* **TASK DETAILS**:
Report each line of the data that includes the word "move".

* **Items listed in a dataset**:
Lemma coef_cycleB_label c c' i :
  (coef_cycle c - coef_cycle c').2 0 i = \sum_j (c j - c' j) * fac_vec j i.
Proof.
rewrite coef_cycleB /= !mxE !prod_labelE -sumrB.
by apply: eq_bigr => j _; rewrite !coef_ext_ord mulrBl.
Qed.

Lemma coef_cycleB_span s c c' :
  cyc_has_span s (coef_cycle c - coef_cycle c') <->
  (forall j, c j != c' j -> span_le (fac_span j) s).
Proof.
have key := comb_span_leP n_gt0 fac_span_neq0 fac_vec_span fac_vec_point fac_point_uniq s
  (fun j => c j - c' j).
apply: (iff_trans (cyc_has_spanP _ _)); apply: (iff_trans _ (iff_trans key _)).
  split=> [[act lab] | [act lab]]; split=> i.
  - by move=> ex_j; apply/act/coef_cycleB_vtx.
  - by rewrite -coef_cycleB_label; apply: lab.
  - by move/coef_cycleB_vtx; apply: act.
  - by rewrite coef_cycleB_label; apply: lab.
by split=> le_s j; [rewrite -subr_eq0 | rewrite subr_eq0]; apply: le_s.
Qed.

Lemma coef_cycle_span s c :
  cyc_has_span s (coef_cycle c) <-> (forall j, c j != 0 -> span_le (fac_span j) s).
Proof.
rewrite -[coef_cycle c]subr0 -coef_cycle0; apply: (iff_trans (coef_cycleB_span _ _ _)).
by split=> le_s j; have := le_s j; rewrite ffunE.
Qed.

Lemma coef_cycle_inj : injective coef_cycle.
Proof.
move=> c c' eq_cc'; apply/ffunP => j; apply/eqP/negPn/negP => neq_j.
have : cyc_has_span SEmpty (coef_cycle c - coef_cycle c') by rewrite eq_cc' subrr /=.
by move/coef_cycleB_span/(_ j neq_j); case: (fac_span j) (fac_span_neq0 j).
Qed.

* **PROBLEM SOLUTION**:
  - by move=> ex_j; apply/act/coef_cycleB_vtx.
  - by move/coef_cycleB_vtx; apply: act.
move=> c c' eq_cc'; apply/ffunP => j; apply/eqP/negPn/negP => neq_j.
by move/coef_cycleB_span/(_ j neq_j); case: (fac_span j) (fac_span_neq0 j).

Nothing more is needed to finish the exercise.